Do you ever meet someone who, after just seconds of conversation, you realize you could talk to for hours and hours? That is what it's like meeting Susan Hendee. Her powerful stories, openness, energy and light make her magnetic, and her words will have a lasting impression on you. We got to delve deep with Susan in this Q+A to learn a bit more about her life and philosophy. You also won't want to miss her feature in our December issue of En Root, Moving Beyond Borders. Happy reading!

This month's theme is all about Crossing Borders. Tell us about how that concept has played a role in your life.

This is the thread of my existence- a path to glory through defeat. Most importantly, the two words,"Crossing Boundaries," have allowed this ESL person (Spanish was my first language) to reflect with healing boundaries. I love researching, but hate writing, still, even after taking a refresher Spanish course in 2013 at a local community college. My teacher said, "You write beautifully in Spanish. The reason you are having a problem with writing in English is that you are forming your sentences in Spanish." All those years of naysayers as to my writing style thought I was lacking, but alas a pearl was thrown on my path. To quote Forrest Gump- "Stupid is as stupid does."

At OutGrowth, we are committed to growth. What do you think we as individuals and communities can do to begin to grow beyond our own boundaries and limits?

Simply said, we can all be passionate about a subject matter, understand the impact it has made on our lives, and discover how this may influence others. I believe and know, as many others do, that the direct correlation of food and culture is universal.

Tell us about a pinnacle point or moment where you encountered a major life shift.
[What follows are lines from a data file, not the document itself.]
(* Let $\rho$ be a regular ordinal, let $\Gamma$ be a presheaf on $\mathbb{T}$, let $X$ be a family over $\Gamma$ all of whose fibres $X(\mathcal{E},\vartheta,\gamma)$ have cardinality strictly smaller than $\rho$, and let $\varphi$ be a predicate over $(\Gamma.X)\times\mathrm{Clk}$. Then for every object $(\mathcal{E},\vartheta)$ of $\mathbb{T}$ and every $\gamma\in\Gamma(\mathcal{E},\vartheta)$ the following are equivalent: (A) there exists $x\in X(\mathcal{E},\vartheta,\gamma)$ such that for all $\alpha<\rho$, $\star\in\varphi(\mathcal{E}\cup\{\lambda_\mathcal{E}\},\vartheta[\lambda_\mathcal{E}\mapsto\alpha],\iota\cdot\gamma,\iota\cdot x,\lambda_\mathcal{E})$; (B) for all $\alpha<\rho$ there exists $x\in X(\mathcal{E}\cup\{\lambda_\mathcal{E}\},\vartheta[\lambda_\mathcal{E}\mapsto\alpha],\iota\cdot\gamma)$ such that $\star\in\varphi(\mathcal{E}\cup\{\lambda_\mathcal{E}\},\vartheta[\lambda_\mathcal{E}\mapsto\alpha],\iota\cdot\gamma,x,\lambda_\mathcal{E})$. (That is, in the model, $\exists x{:}X.\,\forall\kappa.\,\varphi(x,\kappa)$ equals $\forall\kappa.\,\exists x{:}X.\,\varphi(x,\kappa)$.)
   Context: Fix a limit ordinal $\rho$ (here assumed regular, i.e. equal to its own cofinality) and a countably infinite set of clock names. The category $\mathbb{T}$ has objects pairs $(\mathcal{E},\vartheta)$ with $\mathcal{E}$ a finite set of clock names and $\vartheta:\mathcal{E}\to\rho$; a morphism $(\mathcal{E},\vartheta)\to(\mathcal{E}',\vartheta')$ is a function $\sigma:\mathcal{E}\to\mathcal{E}'$ with $\vartheta'\circ\sigma\le\vartheta$ pointwise. A presheaf on $\mathbb{T}$ is a covariant functor $\mathbb{T}\to\mathsf{Set}$; write $\sigma\cdot x$ for the action of $\sigma$. $\mathrm{Clk}$ is the presheaf $\mathrm{Clk}(\mathcal{E},\vartheta)=\mathcal{E}$ with $\sigma\cdot\lambda=\sigma(\lambda)$. For a presheaf $\Gamma$, $\int\Gamma$ is its category of elements, with objects $(\mathcal{E},\vartheta,\gamma)$; a presheaf $X$ over $\int\Gamma$ is a covariant functor $\int\Gamma\to\mathsf{Set}$ with fibres $X(\mathcal{E},\vartheta,\gamma)$ and maps $\sigma\cdot(-)$. $X$ is invariant under clock introduction if for all $(\mathcal{E},\vartheta)$, $\gamma$, clock names $\lambda\notin\mathcal{E}$ and $\alpha<\rho$, the map $\iota\cdot(-): X(\mathcal{E},\vartheta,\gamma)\to X(\mathcal{E}\cup\{\lambda\},\vartheta[\lambda\mapsto\alpha],\iota\cdot\gamma)$ induced by the inclusion $\iota:\mathcal{E}\to\mathcal{E}\cup\{\lambda\}$ is a bijection. A family over $\Gamma$ is a presheaf over $\int\Gamma$ invariant under clock introduction; a predicate is a family all of whose fibres are subsets of $\{\star\}$. The comprehension $\Gamma.X$ is the presheaf $(\Gamma.X)(\mathcal{E},\vartheta)=\{(\gamma,x)\mid\gamma\in\Gamma(\mathcal{E},\vartheta), x\in X(\mathcal{E},\vartheta,\gamma)\}$; thus a predicate $\varphi$ over $(\Gamma.X)\times\mathrm{Clk}$ has fibres $\varphi(\mathcal{E},\vartheta,\gamma,x,\lambda)\subseteq\{\star\}$ for $\lambda\in\mathcal{E}$. A function assigning to each finite set $\mathcal{E}$ of clock names a clock name $\lambda_\mathcal{E}\notin\mathcal{E}$ is fixed, and $\iota$ denotes the inclusion $\mathcal{E}\to\mathcal{E}\cup\{\lambda_\mathcal{E}\}$, viewed as a morphism $(\mathcal{E},\vartheta)\to(\mathcal{E}\cup\{\lambda_\mathcal{E}\},\vartheta[\lambda_\mathcal{E}\mapsto\alpha])$. *)

From HB Require Import structures.
From mathcomp Require Import all_boot finmap.
Set Implicit Arguments. Unset Strict Implicit. Unset Printing Implicit Defensive.
Local Open Scope fset_scope.

(** Clock names are natural numbers (a countably infinite set).
    Elements of a finite set of clock names E, seen as a type. *)
Definition cl (E : {fset nat}) := {x : nat | x \in E}.

Lemma inclP (E : {fset nat}) (l : nat) (x : cl E) : sval x \in E `|` [fset l].
Proof. by rewrite in_fsetU (svalP x). Qed.

Definition incl (E : {fset nat}) (l : nat) (x : cl E) : cl (E `|` [fset l]) :=
  exist _ (sval x) (inclP l x).

Lemma newclP (E : {fset nat}) (l : nat) : l \in E `|` [fset l].
Proof. by rewrite in_fsetU in_fset1 eqxx orbT. Qed.

Definition newcl (E : {fset nat}) (l : nat) : cl (E `|` [fset l]) :=
  exist _ l (newclP E l).

Section Ordinal.
(** The ordinal rho is represented by a type O of its elements (the ordinals
    alpha < rho) together with the strict order lt. *)
Variables (O : Type) (lt : O -> O -> Prop).

Definition le (a b : O) : Prop := a = b \/ lt a b.

Definition is_wellorder : Prop :=
  (forall a, ~ lt a a) /\
  (forall a b c, lt a b -> lt b c -> lt a c) /\
  (forall a b, lt a b \/ a = b \/ lt b a) /\
  well_founded lt.

(** rho is a limit ordinal: nonzero and not a successor *)
Definition is_limit : Prop := inhabited O /\ forall a, exists b, lt a b.

Definition cofinal (A : Type) (f : A -> O) : Prop :=
  forall c, exists i, le c (f i).

(** rho = cf(rho): no ordinal alpha < rho admits a cofinal map alpha -> rho *)
Definition is_regular : Prop :=
  forall (a : O) (f : {b : O | lt b a} -> O), ~ cofinal f.

Definition card_lt_rho (A : Type) : Prop :=
  (exists f : A -> O, injective f) /\ ~ (exists g : O -> A, injective g).

(** Objects of the category T: (E, theta) with theta : E -> rho *)
Record obj := Obj { clocks : {fset nat}; valu : cl clocks -> O }.
Arguments valu o _ : clear implicits.

Definition Hom (o o' : obj) :=
  {f : cl (clocks o) -> cl (clocks o') | forall x, le (valu o' (f x)) (valu o x)}.

Definition hfun (o o' : obj) (s : Hom o o') : cl (clocks o) -> cl (clocks o') :=
  proj1_sig s.
Arguments hfun {o o'} s _.

(** theta[l |-> a] on E ∪ {l} *)
Definition ext (o : obj) (l : nat) (a : O) : obj :=
  @Obj (clocks o `|` [fset l])
    (fun x => match @insub _ (fun y => y \in clocks o) (cl (clocks o)) (sval x) with
              | Some y => valu o y
              | None => a
              end).

Lemma iotaP (o : obj) (l : nat) (a : O) (x : cl (clocks o)) :
  le (valu (ext o l a) (incl l x)) (valu o x).
Proof. by left; rewrite /= valK. Qed.

Definition iotaH (o : obj) (l : nat) (a : O) : Hom o (ext o l a) :=
  exist _ (@incl (clocks o) l) (@iotaP o l a).

(** Presheaves (covariant functors T -> Set): data, and functor laws *)
Record psh := Psh {
  pob : obj -> Type;
  pact : forall o o' : obj, Hom o o' -> pob o -> pob o' }.
Arguments pob p o : clear implicits.
Arguments pact p {o o'} _ _.

Definition is_presheaf (P : psh) : Prop :=
  (forall o (s : Hom o o) (x : pob P o),
      (forall y, hfun s y = y) -> pact P s x = x) /\
  (forall o1 o2 o3 (s : Hom o1 o2) (t : Hom o2 o3) (u : Hom o1 o3) (x : pob P o1),
      (forall y, hfun u y = hfun t (hfun s y)) -> pact P u x = pact P t (pact P s x)).

(** Presheaves over the category of elements of G: a morphism
    (o,g) -> (o',g') is a morphism s : o -> o' with s . g = g'. *)
Record epsh (G : psh) := EPsh {
  eob : forall o : obj, pob G o -> Type;
  eact : forall (o o' : obj) (s : Hom o o') (g : pob G o) (g' : pob G o'),
           pact G s g = g' -> eob g -> eob g' }.
Arguments eob {G} e {o} _.
Arguments eact {G} e {o o'} s {g g'} _ _.

Definition is_epresheaf (G : psh) (X : epsh G) : Prop :=
  (forall o (s : Hom o o) (g : pob G o) (h : pact G s g = g) (x : eob X g),
      (forall y, hfun s y = y) -> eact X s h x = x) /\
  (forall o1 o2 o3 (s : Hom o1 o2) (t : Hom o2 o3) (u : Hom o1 o3)
          (g1 : pob G o1) (g2 : pob G o2) (g3 : pob G o3)
          (h1 : pact G s g1 = g2) (h2 : pact G t g2 = g3) (h3 : pact G u g1 = g3)
          (x : eob X g1),
      (forall y, hfun u y = hfun t (hfun s y)) -> eact X u h3 x = eact X t h2 (eact X s h1 x)).

(** Families: presheaves over ∫G invariant under clock introduction *)
Definition is_family (G : psh) (X : epsh G) : Prop :=
  is_epresheaf X /\
  forall (o : obj) (g : pob G o) (l : nat) (a : O), l \notin clocks o ->
    bijective (fun x : eob X g =>
                 eact X (iotaH o l a) (erefl (pact G (iotaH o l a) g)) x).

(** Predicates: families whose fibres are subsingletons (subsets of {*}) *)
Definition is_predicate (G : psh) (P : epsh G) : Prop :=
  is_family P /\ forall o (g : pob G o) (x y : eob P g), x = y.

Definition Clk : psh := @Psh (fun o => cl (clocks o)) (fun o o' s => hfun s).

Definition compr (G : psh) (X : epsh G) : psh :=
  @Psh (fun o => {g : pob G o & eob X g})
       (fun o o' s p => existT _ (pact G s (projT1 p))
                          (eact X s (erefl (pact G s (projT1 p))) (projT2 p))).

Definition prodp (A B : psh) : psh :=
  @Psh (fun o => (pob A o * pob B o)%type)
       (fun o o' s p => (pact A s p.1, pact B s p.2)).

End Ordinal.

Arguments pob {O lt} p o.
Arguments pact {O lt} p {o o'} s x.
Arguments eob {O lt G} e {o} g.
Arguments eact {O lt G} e {o o'} s {g g'} h x.

From HB Require Import structures.
From mathcomp Require Import all_boot finmap.
From Stdlib Require Import Classical ClassicalEpsilon FunctionalExtensionality.

Set Implicit Arguments.
Unset Strict Implicit.

(** If the quantifier swap failed, choosing for each [x] a stage [c x] where
    [x] stops working would give a map [c] from the fibre to [rho] which is
    cofinal, because [phi] is stable under lowering the new clock's value.
    By regularity, every cofinal map into [rho] admits a strictly increasing
    section [rho -> fibre] built by transfinite recursion; this injection
    contradicts [|fibre| < |rho|]. *)

Section Regular.
Variables (O : Type) (lt : O -> O -> Prop).
Hypotheses (lt_wo : is_wellorder lt) (lt_regular : is_regular lt).

Let lt_wf : well_founded lt := proj2 (proj2 (proj2 lt_wo)).

Lemma regular_bounded (a : O) (f : {b : O | lt b a} -> O) :
  exists c0, forall i, lt (f i) c0.
Proof.
have [_ [_ [tri _]]] := lt_wo.
have /not_all_ex_not [c0 Hc0] := @lt_regular a f.
exists c0 => i; case: (tri (f i) c0) => [//|[eq_fc|lt_cf]]; case: Hc0; exists i.
- by left.
- by right.
Qed.

Section CofinalSection.
Variables (A : Type) (c : A -> O).
Hypothesis c_cofinal : cofinal lt c.

Lemma cofinal_inhabited (a : O) : inhabited A.
Proof. by case: (c_cofinal a) => y _; exact: inhabits y. Qed.

(* That such a point exists is where regularity enters. *)
Definition cofinal_step (a : O) (rec : forall b, lt b a -> A) : A :=
  epsilon (cofinal_inhabited a)
    (fun y => forall b (hb : lt b a), lt (c (rec b hb)) (c y)).

Definition cofinal_section : O -> A := Fix lt_wf (fun _ => A) cofinal_step.

Lemma cofinal_sectionE (a : O) :
  cofinal_section a = @cofinal_step a (fun b _ => cofinal_section b).
Proof.
apply: (Fix_eq _ (fun _ => A)) => x f f' eq_f.
suff -> : f = f' by [].
by apply: functional_extensionality_dep => b; apply: functional_extensionality.
Qed.

Lemma cofinal_section_increasing (a b : O) :
  lt b a -> lt (c (cofinal_section b)) (c (cofinal_section a)).
Proof.
have [_ [lt_trans _]] := lt_wo.
move: b; rewrite [cofinal_section a]cofinal_sectionE.
apply: (epsilon_spec (cofinal_inhabited a)
  (fun y => forall b (hb : lt b a), lt (c (cofinal_section b)) (c y))).
have [c0 Hc0] := regular_bounded (fun b : {b | lt b a} => c (cofinal_section (sval b))).
have [y c0y] := c_cofinal c0; exists y => b hb.
case: c0y => [<-|c0y]; first exact: (Hc0 (exist _ b hb)).
exact: lt_trans (Hc0 (exist _ b hb)) c0y.
Qed.

Lemma cofinal_section_inj : injective cofinal_section.
Proof.
have [irr [_ [tri _]]] := lt_wo.
move=> a b eq_ab; case: (tri a b) => [|[//|]] /cofinal_section_increasing;
  by rewrite eq_ab => /irr.
Qed.

End CofinalSection.

Lemma regular_exists_forall (A : Type) (Q : A -> O -> Prop) :
  (forall y a b, le lt a b -> Q y b -> Q y a) ->
  ~ (exists g : O -> A, injective g) ->
  (forall a, exists y, Q y a) -> exists y, forall a, Q y a.
Proof.
move=> Q_down no_inj Q_ex; apply: NNPP => no_y.
have /choice [c Hc] : forall y, exists a, ~ Q y a.
  by move=> y; apply: NNPP => Hy; apply: no_y; exists y => a;
     apply: NNPP => Hq; apply: Hy; exists a.
have [_ [_ [tri _]]] := lt_wo.
have c_cofinal : cofinal lt c.
  move=> a; have [y Qya] := Q_ex a; exists y.
  case: (tri a (c y)) => [|[|lt_ca]]; [by right | by left |].
  by case: (Hc y); apply: Q_down Qya; right.
by apply: no_inj; exists (cofinal_section c_cofinal); apply: cofinal_section_inj.
Qed.

End Regular.

Definition ext_le_hom (O : Type) (lt : O -> O -> Prop) (o : obj O) (l : nat)
    (a b : O) (hab : le lt a b) : Hom lt (ext o l b) (ext o l a).
Proof.
exists id => x /=; case: (insub _) => [y|]; [by left | exact: hab].
Defined.

Section Model.
Variables (O : Type) (lt : O -> O -> Prop).
Variables (G : psh lt) (X : epsh G) (phi : epsh (prodp (compr X) (Clk lt))).
Variables (o : obj O) (g : pob G o) (l : nat).

Definition iota_fib (a : O) (y : eob X g) : eob X (pact G (iotaH lt o l a) g) :=
  eact X (iotaH lt o l a) (erefl _) y.

Definition phi_at (y : eob X g) (a : O) : Prop :=
  inhabited (@eob _ _ _ phi (ext o l a)
    (existT _ (pact G (iotaH lt o l a) g) (iota_fib a y), newcl (clocks o) l)).

Lemma iota_fib_surj (HX : is_family X) (Hl : l \notin clocks o) (a : O)
    (x : eob X (pact G (iotaH lt o l a) g)) :
  exists y, iota_fib a y = x.
Proof. by case: (proj2 HX o g l a Hl) => inv _ inv_K; exists (inv x); apply: inv_K. Qed.

Lemma phi_at_le (HG : is_presheaf G) (HX : is_epresheaf X) (y : eob X g) (a b : O) :
  le lt a b -> phi_at y b -> phi_at y a.
Proof.
move=> hab [q]; pose m := ext_le_hom o l hab.
have eq_g : pact G m (pact G (iotaH lt o l b) g) = pact G (iotaH lt o l a) g.
  by symmetry; apply: (proj2 HG).
have eq_y : eact X m eq_g (iota_fib b y) = iota_fib a y.
  by symmetry; apply: (proj2 HX).
have eq_pt : pact (prodp (compr X) (Clk lt)) m
    (existT _ (pact G (iotaH lt o l b) g) (iota_fib b y), newcl (clocks o) l) =
    (existT _ (pact G (iotaH lt o l a) g) (iota_fib a y), newcl (clocks o) l).
  rewrite /= -{}eq_y; congr (_, _); move: eq_g (iota_fib b y).
  by case: _ / => ?.
exact: inhabits (eact phi m eq_pt q).
Qed.

End Model.

Theorem mainTheorem5 (O : Type) (lt : O -> O -> Prop)
  (Hwo : is_wellorder lt) (Hlim : is_limit lt) (Hreg : is_regular lt)
  (fresh : {fset nat} -> nat) (Hfresh : forall E, fresh E \notin E)
  (G : psh lt) (HG : is_presheaf G)
  (X : epsh G) (HX : is_family X)
  (Hcard : forall (o : obj O) (g : pob G o), card_lt_rho O (eob X g))
  (phi : epsh (prodp (compr X) (Clk lt))) (Hphi : is_predicate phi)
  (o : obj O) (g : pob G o) :
  let l := fresh (clocks o) in
  (exists x : eob X g, forall a : O,
     inhabited (@eob _ _ _ phi (ext o l a)
       (existT _ (pact G (iotaH lt o l a) g)
                 (eact X (iotaH lt o l a) (erefl (pact G (iotaH lt o l a) g)) x),
        newcl (clocks o) l)))
  <->
  (forall a : O, exists x : eob X (pact G (iotaH lt o l a) g),
     inhabited (@eob _ _ _ phi (ext o l a)
       (existT _ (pact G (iotaH lt o l a) g) x, newcl (clocks o) l))).
Proof.
move=> l; split=> [[x Hx] a|HB]; first by exists (iota_fib l a x); exact: Hx.
apply: (regular_exists_forall Hwo Hreg (Q := phi_at phi (g := g) l)).
- exact: (phi_at_le (phi := phi) HG (proj1 HX)).
- exact: proj2 (Hcard o g).
- move=> a; have [x Hx] := HB a.
  have [y eq_yx] := iota_fib_surj HX (Hfresh (clocks o)) x.
  by exists y; rewrite /phi_at eq_yx.
Qed.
How did you handle it?

The death of my husband in 1995 allowed me the energy not to hide both of our addictions. For the last 10 years of our 20 years together, much was kept in secret- his weekend rehabs and lost days, not sharing this with anyone. It was painful and debilitating. I kept moving on, but not forward.

How did this experience change the course of your life, your career or your outlook?

I sobered up eventually, but not until 2005, 10 years later. Remember I had many many successes, but little joy, trying to recover my idea that I was not dumb. But boy, was I stupid.

What are your top three pieces of advice for students and professionals for navigating the (very) uncharted and uncertain road ahead?

The power of yet, growth mindset, no one knows everything at once, at the start or at 100%. And it's okay to stumble but keep growing.

Be authentic and transparent to all- students, friends, and mostly self.

Find something you love that is joyful to you, that you can immerse yourself in. Mine is walking Rosey, popcorn with Loring and watching a foreign detective series on TV. I used to love going to the movies, where I would forget everything, and oh, the buttered popcorn and sweet lemonade.

If you could go back in time and give one piece of advice to your younger self, what would it be?

Don't believe you are the stupid one in the family.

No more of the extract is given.